Il diabete di tipo 2 dipende sia dalle condizioni ambientali sia dalla predisposizione genetica, è noto. Eppure i meccanismi biologici alla base della malattia sono ancora poco chiari. Per questo motivo, gli scienziati dell’Università del Michigan hanno deciso di ampliare il raggio degli studi tradizionali.

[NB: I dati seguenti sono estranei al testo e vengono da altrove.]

Let g_vu : connect g v u.
Proof.
have gvz : g v z.
  rewrite /g two_switchE // U_sym Uzv /same_edge !eqxx (eq_sym v l) (eq_sym v u).
  by rewrite (negbTE lv) (negbTE uv) (negbTE zw) (negbTE zv) !andbF.
pose P t := (t == l) || connect g u t.
have closedP : closed (avoid U v) P.
  apply: (intro_closed (sym_connect_sym (avoid_sym v U_sym))) => s t /and3P[Ust sv tv].
  rewrite -[s \in P]/(P s) -[t \in P]/(P t) /P.
  case: (eqVneq s l) => [sE _ | sl /= gus].
    by rewrite sE in Ust; rewrite (l_leaf Ust) connect0 orbT.
  case: (eqVneq t l) => //= tl; apply: connect_trans gus (connect1 _).
  rewrite /g two_switchE // Ust /same_edge (negbTE sl) (negbTE tl) (negbTE sv) (negbTE tv).
  by rewrite !andbF.
have /orP[/eqP zl | guz] : P z.
- rewrite -[P z]/(z \in P) -(closed_connect closedP uz).
  by rewrite -[u \in P]/(P u) /P connect0 orbT.
- by move: Uzv uv; rewrite zl => /l_leaf ->; rewrite eqxx.
apply: connect_trans (connect1 gvz) _.
by rewrite (sym_connect_sym g_sym).
Qed.

Lemma leaf_move_u_switch : u_switch U l u v w /\ g l v.
Proof.
case/andP: g_new => glv guw; split => //; split => //.
split; first split.
- exact: g_sym.
- exact: two_switch_irr.
- apply: two_switch_connected => //; first exact: connect_trans (connect1 glv) g_vu.
  exact: connect_trans g_vu (connect1 guw).
exists cy; split; last by move=> cy' /switch_cycle_sub; apply: cy_unique.
apply: two_switch_cycle => //; apply/negP => /cycle_edges_mem.
by apply/negP; apply: leaf_notin_cycle U_sym U_cy l_leaf.
Qed.

End LeafMove.

Theorem lemma3p3 (T : finType) (U : rel T) (l u : T) :
  unicyclic U -> U l u -> deg U l = 1 -> on_cycle U u ->
  (forall v : T, on_cycle U v -> v != u -> 2 < deg U v ->
     exists a b c d : T, u_switch U a b c d /\ two_switch U a b c d l v) /\
  (forall v : T, ~ on_cycle U v -> 2 <= deg U v ->
     exists a b c d : T, u_switch U a b c d /\ two_switch U a b c d l v).
Proof.
case=> [[U_sym U_irr] U_con [cy [U_cy cy_unique]]] Ulu dl onu.
have l_leaf y : U l y -> y = u := deg1_nbr dl Ulu.
have on_cy x : on_cycle U x <-> x \in cy.
  split=> [[cy' [U_cy' xcy']] | xcy]; last by exists cy.
  exact: eq_cycle_edges_mem (cy_unique _ U_cy') xcy'.
have ucy : u \in cy by apply/on_cy.
have move_leaf v w z :=
  leaf_move_u_switch (v := v) (w := w) (z := z) U_sym U_irr U_con U_cy cy_unique Ulu l_leaf.
have vw_neq v w : U v w -> v != w by move=> Uvw; apply: contraTneq Uvw => ->; rewrite U_irr.
split=> [v /on_cy vcy vu dv | v vNcy dv].
- have Uvn : U v (next cy v) by case/and3P: U_cy => _ _ /next_cycle; apply.
  have ncy : next cy v \in cy by rewrite mem_next.
  have nv : next cy v != v by rewrite eq_sym vw_neq.
  have [w Uvw] : exists2 w, U v w & w \notin [set next cy v; prev cy v].
    by apply: deg_nbr_notin; apply: leq_ltn_trans dv; rewrite cards2; case: (_ != _).
  rewrite !inE negb_or => /andP[wn wp].
  exists l, u, v, w; apply: (move_leaf v w (next cy v) Uvw).
  + by rewrite U_sym.
  + by rewrite eq_sym.
  + by apply: cycle_connect_avoid U_sym U_cy vcy ucy ncy _ nv; rewrite eq_sym.
  + apply/negP => /(cycle_edge_next_prev _ (vw_neq _ _ Uvw)).
    by case/and3P: U_cy => _ ucy' _ /(_ ucy') [] /eqP; apply/negP.
- have vNcy' : v \notin cy by apply/negP => /on_cy.
  have uv : u != v by apply: contraNneq vNcy' => <-.
  have [z uz Uzv] := connect_avoid_last (U_con u v) uv.
  have [w Uvw] : exists2 w, U v w & w \notin [set z] by apply: deg_nbr_notin; rewrite cards1.
  rewrite inE eq_sym => wz.
  exists l, u, v, w; apply: (move_leaf v w z Uvw Uzv wz uz).
  by apply: contra vNcy' => /cycle_edges_mem.
Qed.
(* Let $\sigma:\mathbb{Z}\to\mathbb{Z}$ be an admissible injective function. Then for every $k\in\mathbb{Z}$ there exist record indices $r_-$ and $r_+$ of $\sigma$ with $r_-<k<r_+$.
   Context: $\sigma:\mathbb{Z}\to\mathbb{Z}$ is admissible if $|\{i\in\mathbb{N}:\sigma(i)\notin\mathbb{N}\}|+|\{i\in\mathbb{Z}\setminus\mathbb{N}:\sigma(i)\in\mathbb{N}\}|<\infty$, where $\mathbb{N}=\{1,2,\dots\}$. A record index of $\sigma$ is an $r\in\mathbb{Z}$ such that $\sigma(r)>\sigma(k)$ for all $k<r$. *)

From Stdlib Require Import ZArith List.
Open Scope Z_scope.

Definition inN (i : Z) : Prop := 1 <= i.

Definition finite_setZ (P : Z -> Prop) : Prop :=
  exists l : list Z, forall i, P i -> In i l.

Definition admissible (sigma : Z -> Z) : Prop :=
  finite_setZ (fun i => inN i /\ ~ inN (sigma i)) /\
  finite_setZ (fun i => ~ inN i /\ inN (sigma i)).

Definition injectiveZ (sigma : Z -> Z) : Prop :=
  forall x y, sigma x = sigma y -> x = y.

Definition record_index (sigma : Z -> Z) (r : Z) : Prop :=
  forall k, k < r -> sigma k < sigma r.

(* For r_- take a point where sigma attains its maximum on (-oo, k-1]: that
   maximum exists because sigma i > 0 for only finitely many i <= 0, and by
   injectivity it is a strict record.  For r_+ take the first index after k
   whose value beats the maximum M of sigma on (-oo, k]; it exists because an
   injective sigma that maps almost all of N into N cannot stay in [1, M] on a
   whole ray. *)

From Stdlib Require Import ZArith List.
From Stdlib Require Import Lia Wf_nat Classical.
Open Scope Z_scope.

Lemma Z_least_above (P : Z -> Prop) (a : Z) :
  (exists x, a <= x /\ P x) ->
  exists x, a <= x /\ P x /\ forall y, a <= y < x -> ~ P y.
Proof.
  intros [x [Hax Px]].
  pose (Q n := P (a + Z.of_nat n)).
  assert (Hleast : has_unique_least_element le Q).
  { apply dec_inh_nat_subset_has_unique_least_element.
    - intro n; apply classic.
    - exists (Z.to_nat (x - a)); unfold Q.
      now replace (a + Z.of_nat (Z.to_nat (x - a))) with x by lia. }
  destruct Hleast as [n [[Qn Hmin] _]].
  exists (a + Z.of_nat n); split; [lia | split; [exact Qn |]].
  intros y Hy Py.
  pose proof (Hmin (Z.to_nat (y - a))) as Hle.
  unfold Q in Hle; rewrite Z2Nat.id in Hle by lia.
  replace (a + (y - a)) with y in Hle by lia.
  specialize (Hle Py); lia.
Qed.

Lemma Z_greatest_below (P : Z -> Prop) (b : Z) :
  (exists x, x <= b /\ P x) ->
  exists x, x <= b /\ P x /\ forall y, x < y <= b -> ~ P y.
Proof.
  intros [x [Hxb Px]].
  destruct (Z_least_above (fun y => P (- y)) (- b)) as [y [Hy [Py Hmin]]].
  { exists (- x); split; [lia | now rewrite Z.opp_involutive]. }
  exists (- y); split; [lia | split; [exact Py |]].
  intros z Hz Pz; apply (Hmin (- z)); [lia | now rewrite Z.opp_involutive].
Qed.

Lemma finite_setZ_subset (P Q : Z -> Prop) :
  (forall i, P i -> Q i) -> finite_setZ Q -> finite_setZ P.
Proof. intros HPQ [l Hl]; exists l; auto. Qed.

Lemma finite_setZ_union (P Q : Z -> Prop) :
  finite_setZ P -> finite_setZ Q -> finite_setZ (fun i => P i \/ Q i).
Proof.
  intros [l Hl] [l' Hl']; exists (l ++ l').
  intros i [Pi | Qi]; apply in_or_app; auto.
Qed.

Lemma finite_setZ_interval (a b : Z) : finite_setZ (fun i => a <= i <= b).
Proof.
  exists (map (fun n => a + Z.of_nat n) (seq 0 (Z.to_nat (b - a + 1)))).
  intros i Hi; apply in_map_iff; exists (Z.to_nat (i - a)).
  split; [lia | apply in_seq; lia].
Qed.

Lemma finite_setZ_image (f : Z -> Z) (P : Z -> Prop) :
  finite_setZ P -> finite_setZ (fun v => exists i, P i /\ f i = v).
Proof.
  intros [l Hl]; exists (map f l).
  intros v [i [Pi <-]]; now apply in_map, Hl.
Qed.

(* No inverse of f is available, so the preimage list is built classically,
   choosing one preimage (if any) of each listed value. *)
Lemma finite_setZ_preimage (f : Z -> Z) (Q : Z -> Prop) :
  injectiveZ f -> finite_setZ Q -> finite_setZ (fun i => Q (f i)).
Proof.
  intros Hinj [l Hl].
  assert (exists l', forall i, In (f i) l -> In i l') as [l' Hl'].
  { clear Hl; induction l as [| y l [l' IH]].
    - now exists nil.
    - destruct (classic (exists i, f i = y)) as [[j Hj] | Hnone].
      + exists (j :: l'); intros i [Hy | Hi]; [left | right; auto].
        apply Hinj; congruence.
      + exists l'; intros i [Hy | Hi]; [exfalso; eauto | auto]. }
  exists l'; auto.
Qed.

Lemma finite_setZ_bounded_above (P : Z -> Prop) :
  finite_setZ P -> exists U, forall i, P i -> i <= U.
Proof.
  intros [l Hl].
  assert (exists U, forall i, In i l -> i <= U) as [U HU].
  { clear Hl; induction l as [| x l IH].
    - now exists 0.
    - destruct IH as [U HU].
      exists (Z.max x U); intros i [<- | Hi]; [lia | specialize (HU i Hi); lia]. }
  exists U; auto.
Qed.

Lemma not_finite_setZ_ray (a : Z) : ~ finite_setZ (fun i => a < i).
Proof.
  intros Hfin; destruct (finite_setZ_bounded_above _ Hfin) as [U HU].
  specialize (HU (Z.max a U + 1)); lia.
Qed.

Section Records.

Variable sigma : Z -> Z.
Hypothesis Hadm : admissible sigma.
Hypothesis Hinj : injectiveZ sigma.

Lemma admissible_bounded_above_left (m : Z) :
  exists U, forall j, j <= m -> sigma j <= U.
Proof.
  assert (Hpos : finite_setZ (fun j => j <= m /\ inN (sigma j))).
  { apply (finite_setZ_subset _ (fun j => (~ inN j /\ inN (sigma j)) \/ 1 <= j <= m)).
    - unfold inN; intros j [Hj Hs]; lia.
    - apply finite_setZ_union; [apply Hadm | apply finite_setZ_interval]. }
  destruct (finite_setZ_bounded_above _ (finite_setZ_image sigma _ Hpos)) as [U HU].
  exists (Z.max 0 U); intros j Hj.
  destruct (Z_le_gt_dec 1 (sigma j)) as [Hs | Hs]; [| lia].
  pose proof (HU (sigma j) (ex_intro _ j (conj (conj Hj Hs) eq_refl))); lia.
Qed.

Lemma admissible_max_left (m : Z) :
  exists r, r <= m /\ forall j, j <= m -> sigma j <= sigma r.
Proof.
  destruct (admissible_bounded_above_left m) as [U HU].
  destruct (Z_greatest_below (fun v => exists j, j <= m /\ sigma j = v) U)
    as [v [_ [[r [Hr <-]] Hmax]]].
  { exists (sigma m); split; [apply HU; lia | now exists m]. }
  exists r; split; [exact Hr |]; intros j Hj.
  destruct (Z_le_gt_dec (sigma j) (sigma r)) as [| Hgt]; [assumption |].
  exfalso; apply (Hmax (sigma j)); [split; [lia | now apply HU] | now exists j].
Qed.

Lemma admissible_unbounded_right (k M : Z) : exists r, k < r /\ M < sigma r.
Proof.
  apply NNPP; intro Hnone.
  destruct Hadm as [Hneg _].
  destruct (finite_setZ_bounded_above _ Hneg) as [N HN].
  apply (not_finite_setZ_ray (Z.max k (Z.max 0 N))).
  apply (finite_setZ_subset _ (fun i => 1 <= sigma i <= M)).
  - intros i Hi; split.
    + apply NNPP; intro Hs.
      assert (HiN : inN i) by (unfold inN; lia).
      pose proof (HN i (conj HiN Hs)); lia.
    + apply Z.nlt_ge; intro Hs; apply Hnone; exists i; split; [lia | exact Hs].
  - apply (finite_setZ_preimage sigma (fun v => 1 <= v <= M) Hinj),
      finite_setZ_interval.
Qed.

Lemma record_index_weak (r : Z) :
  (forall j, j < r -> sigma j <= sigma r) -> record_index sigma r.
Proof.
  intros Hle j Hj.
  assert (sigma j <> sigma r) by (intro E; apply Hinj in E; lia).
  pose proof (Hle j Hj); lia.
Qed.

Lemma record_index_below (k : Z) : exists r, record_index sigma r /\ r < k.
Proof.
  destruct (admissible_max_left (k - 1)) as [r [Hr Hmax]].
  exists r; split; [| lia].
  apply record_index_weak; intros j Hj; apply Hmax; lia.
Qed.

Lemma record_index_above (k : Z) : exists r, record_index sigma r /\ k < r.
Proof.
  destruct (admissible_max_left k) as [q [_ Hmax]].
  destruct (Z_least_above (fun j => sigma q < sigma j) (k + 1)) as [r [Hr [Hbig Hfirst]]].
  { destruct (admissible_unbounded_right k (sigma q)) as [r [Hr Hbig]].
    exists r; split; [lia | exact Hbig]. }
  exists r; split; [| lia].
  intros j Hj.
  destruct (Z_le_gt_dec j k) as [Hjk | Hjk].
  - pose proof (Hmax j Hjk); lia.
  - pose proof (Hfirst j ltac:(lia)); lia.
Qed.

End Records.

Theorem lemma2p3 (sigma : Z -> Z) (Hadm : admissible sigma) (Hinj : injectiveZ sigma) :
  forall k : Z, exists rm rp : Z,
    record_index sigma rm /\ record_index sigma rp /\ rm < k /\ k < rp.
Proof.
  intro k.
  destruct (record_index_below sigma Hadm Hinj k) as [rm [Hrm Hlt]].
  destruct (record_index_above sigma Hadm Hinj k) as [rp [Hrp Hgt]].
  now exists rm, rp.
Qed.
(* Fix $\tau>0$ and suppose that for every $\lambda\in\Lambda$ the problem $\max_{\pi\in\Pi}\mathcal{L}_\tau(\pi,\lambda)$ has exactly one optimal policy $\pi^*_{\tau,\lambda}$. Then $d_\tau$ is differentiable at every $\lambda\in\Lambda$, and $$\nabla d_\tau(\lambda)=V^{\pi^*_{\tau,\lambda}}(\rho)-c.$$
   Context: Finite MDP with state space $\mathcal S$, action space $\mathcal A$, transition kernel $\mathrm P$, discount $\gamma\in(0,1)$, initial distribution $\rho$, positive finite rewards $r_0,\dots,r_m$. $\Pi$ is the (compact) set of stationary policies. $V_i^\pi(\rho)=\mathbb{E}[\sum_{t\ge0}\gamma^tr_i(s_t,a_t)]$ with $s_0\sim\rho$, $a_t\sim\pi(\cdot\mid s_t)$, $s_{t+1}\sim\mathrm P(\cdot\mid s_t,a_t)$; $V^\pi(\rho)=(V_1^\pi(\rho),\dots,V_m^\pi(\rho))^\top$; $c\in\mathbb{R}^m$. Discounted entropy $\mathcal H(\pi)=-\mathbb{E}[\sum_{t\ge0}\gamma^t\log\pi(a_t\mid s_t)]$ (same dynamics). $\mathcal L_\tau(\pi,\lambda)=V_0^\pi(\rho)+\langle\lambda,V^\pi(\rho)-c\rangle+\tau\mathcal H(\pi)$ for $\lambda\in\mathbb{R}^m$, and $d_\tau(\lambda)=\max_{\pi\in\Pi}\mathcal L_\tau(\pi,\lambda)$. Given $\xi>0$ (the Slater constant: a policy $\pi_\xi$ with $V_i^{\pi_\xi}(\rho)\ge c_i+\xi$ for all $i$), $r_{0,\max}=\max_{s,a}r_0(s,a)$, $B_\lambda=\frac{r_{0,\max}+\log|\mathcal A|}{(1-\gamma)\xi}$ and $\Lambda=\{\lambda\in\mathbb{R}^m_+:\|\lambda\|_1\le B_\lambda\}$. *)

From HB Require Import structures.
From mathcomp Require Import all_boot all_order all_algebra.
From mathcomp Require Import all_classical all_reals all_analysis.
Set Implicit Arguments. Unset Strict Implicit. Unset Printing Implicit Defensive.
Import Order.TTheory GRing.Theory Num.Theory.
Import numFieldNormedType.Exports.
Local Open Scope ring_scope.
Local Open Scope classical_set_scope.

Section MDP.
Variables (R : realType) (S A : finType).

(* A stationary (stochastic) policy pi(a|s) = pi s a. *)
Definition is_policy (pi : S -> A -> R) : Prop :=
  (forall s a, 0 <= pi s a) /\ (forall s, \sum_(a : A) pi s a = 1).

Definition Policies : set (S -> A -> R) := [set pi | is_policy pi].

(* Distribution of s_t when s_0 ~ rho, a_t ~ pi(.|s_t), s_{t+1} ~ P(.|s_t,a_t). *)
Fixpoint state_dist (P : S -> A -> S -> R) (rho : S -> R)
    (pi : S -> A -> R) (t : nat) : S -> R :=
  match t with
  | O => rho
  | t'.+1 => fun s' => \sum_(s : S) \sum_(a : A)
        state_dist P rho pi t' s * pi s a * P s a s'
  end.

Definition step_expect (P : S -> A -> S -> R) (rho : S -> R)
    (pi : S -> A -> R) (f : S -> A -> R) (t : nat) : R :=
  \sum_(s : S) \sum_(a : A) state_dist P rho pi t s * pi s a * f s a.

(* E[ sum_t gamma^t f(s_t,a_t) ] = sum_t gamma^t E[f(s_t,a_t)] *)
Definition disc_value (P : S -> A -> S -> R) (rho : S -> R) (gamma : R)
    (pi : S -> A -> R) (f : S -> A -> R) : R :=
  \big[+%R/0%R]_(0 <= t <oo) (gamma ^+ t * step_expect P rho pi f t).

Definition Vr P rho gamma pi (r : S -> A -> R) := disc_value P rho gamma pi r.

Definition entropy P rho gamma (pi : S -> A -> R) : R :=
  - disc_value P rho gamma pi (fun s a => ln (pi s a)).

Definition lagr P rho gamma (r0 : S -> A -> R) (m : nat)
    (r : 'I_m -> S -> A -> R) (c : 'rV[R]_m) (tau : R)
    (pi : S -> A -> R) (lam : 'rV[R]_m) : R :=
  Vr P rho gamma pi r0
  + \sum_(i < m) lam ord0 i * (Vr P rho gamma pi (r i) - c ord0 i)
  + tau * entropy P rho gamma pi.
Lemma pr_window_event_ge k W :
  ((1 - b1) * \prod_(1 <= l < W.+1) (1 - b2 ^+ l)) ^+ N <= pr (window_event k W).
Proof.
have b1_le1 : 0 <= 1 - b1 by rewrite subr_ge0 ltW.
have f01 l : 0 <= 1 - b2 ^+ l by rewrite subr_ge0 exprn_ile1 ?ltW.
rewrite /window_event (pr_rectangle indep) ?window_uniq //; last by move=> i /mem_window [].
rewrite big_cat /= !big_map big_allpairs exprMn.
have cst x : \prod_(1 <= t < N.+1) x = x ^+ N by rewrite prodr_const_nat subn1.
rewrite -!cst; apply: ler_pM.
- exact: prodr_ge0.
- by apply: prodr_ge0 => t _; exact: prodr_ge0.
- rewrite big_seq [X in _ <= X]big_seq; apply: ler_prod => t.
  rewrite mem_index_iota => tN; apply/andP; split => //.
  by rewrite /pr (_ : _ @^-1` _ = [set w | chi t (k + t%:Z) w = 0%N]) // chi_law.
rewrite big_seq [X in _ <= X]big_seq; apply: ler_prod => t.
rewrite mem_index_iota => tN; rewrite prodr_ge0 //=.
rewrite big_seq [X in _ <= X]big_seq; apply: ler_prod => l _; rewrite f01 /=.
rewrite (_ : _ @^-1` _ = [set w | (j t (k + t%:Z - l%:Z) w <= l)%N]).
  exact: pr_j_le.
by apply/seteqP; split => w /=; lia.
Qed.

Lemma pr_no_window_event_le (kp : nat -> int) W K a :
  (forall i i', i != i' -> W%:Z < `|kp i - kp i'|) ->
  (forall k, a <= pr (window_event k W)) ->
  pr (\big[setI/setT]_(0 <= i < K) ~` window_event (kp i) W) <= (1 - a) ^+ K.
Proof.
move=> far_kp a_le.
have := pr_rectangle_setI_coRectangles indep [::] (fun=> setT) (fun i => window N (kp i) W)
  (fun i => window_sets (kp i)) (index_iota 0 K).
rewrite /= {1}/rectangle big_nil setTI => ->; first last.
- by move=> i /flatten_mapP [k _ /mem_window []].
- by apply: uniq_flatten_windows => //; exact: iota_uniq.
rewrite (_ : pr (rectangle X [::] _) = 1) ?mul1r; last first.
  by rewrite /pr /rectangle big_nil probability_setT.
have -> : (1 - a) ^+ K = \prod_(0 <= i < K) (1 - a) by rewrite prodr_const_nat subn0.
apply: ler_prod => i _; rewrite lerB ?a_le // subr_ge0.
by rewrite andbT pr_le1 //; exact: measurable_window_event.
Qed.

Lemma no_separating_cover (kp : nat -> int) W K a :
  (forall i i', i != i' -> W%:Z < `|kp i - kp i'|) ->
  (forall k, a <= pr (window_event k W)) ->
  exists2 A, measurable A &
    [set w | forall i, (i < K)%N -> ~ separating N chi j w (kp i)] `<=` A /\
    (P A <= ((1 - a) ^+ K + K%:R * (N%:R * (b2 ^+ W.+1 / (1 - b2))))%:E)%E.
Proof.
move=> far_kp a_le.
pose E := \big[setI/setT]_(0 <= i < K) ~` window_event (kp i) W.
pose F := \big[setU/set0]_(i < K) far_jumps (kp i) W.
have mE : measurable E.
  by apply: bigsetI_measurable => i _; exact/measurableC/measurable_window_event.
have mF : measurable F by apply: bigsetU_measurable => i _; exact: measurable_far_jumps.
exists (E `|` F); first exact: measurableU.
split.
  move=> w no_sep; have [|no_far] := pselect (F w); [by right | left].
  rewrite /E -bigcap_seq => i /=; rewrite mem_index_iota => iK window_i.
  apply: (no_sep i iK); apply: separating_of_window window_i _ => far_i.
  by apply: no_far; rewrite /F -(bigcup_mkord K (fun i => far_jumps (kp i) W)); exists i.
apply: le_trans (measureU2 P mE mF) _; rewrite EFinD leeD //.
  by move: (pr_no_window_event_le _ _ K _ far_kp a_le); rewrite -lee_fin -prE.
apply: le_trans (Boole_inequality P (fun i _ => measurable_far_jumps (kp i) W)) _.
rewrite (_ : (K%:R * _)%:E = \sum_(i < K) (N%:R * (b2 ^+ W.+1 / (1 - b2)))%:E).
  by apply: lee_sum => i _; exact: pr_far_jumps_le.
by rewrite sumEFin sumr_const card_ord mulr_natl.
Qed.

Buona parte delle ricerche sul diabete si basa sui dati raccolti tra persone di origine europea. Questo rende più difficile generalizzare i dati raccolti, che non tengono conto di eventuali varianti presenti in altri gruppi etnici. Per questo studio, invece, sono state coinvolte quasi 46.000 persone di tutte le etnie, 21.000 affette da diabete di tipo 2 e 25.000 sane. In questo modo i ricercatori hanno potuto basarsi su campioni più ampi e variegati.
Raccogli i campioni, i ricercatori hanno deciso di ridurre il raggio dell’analisi. Si sono quindi concentrati su una particolare porzione di genoma, quella che codifica per le proteine. Questa parte del genoma si chiama esoma e rappresenta solo il 2% di tutto il nostro codice genetico. Le ricerche tendono a sottovalutarlo, ma molti studi recenti lo stanno riscoprendo con risultati sorprendenti. Questo è uno di quelli.
Grazie a questo approccio, gli autori dello studio hanno trovato delle varianti genetiche legate al rischio di diabete mai osservate, in quanto più rare. Un risultato già di per sé notevole, che però richiederà ulteriori studi e campioni di persone ancora più ampi.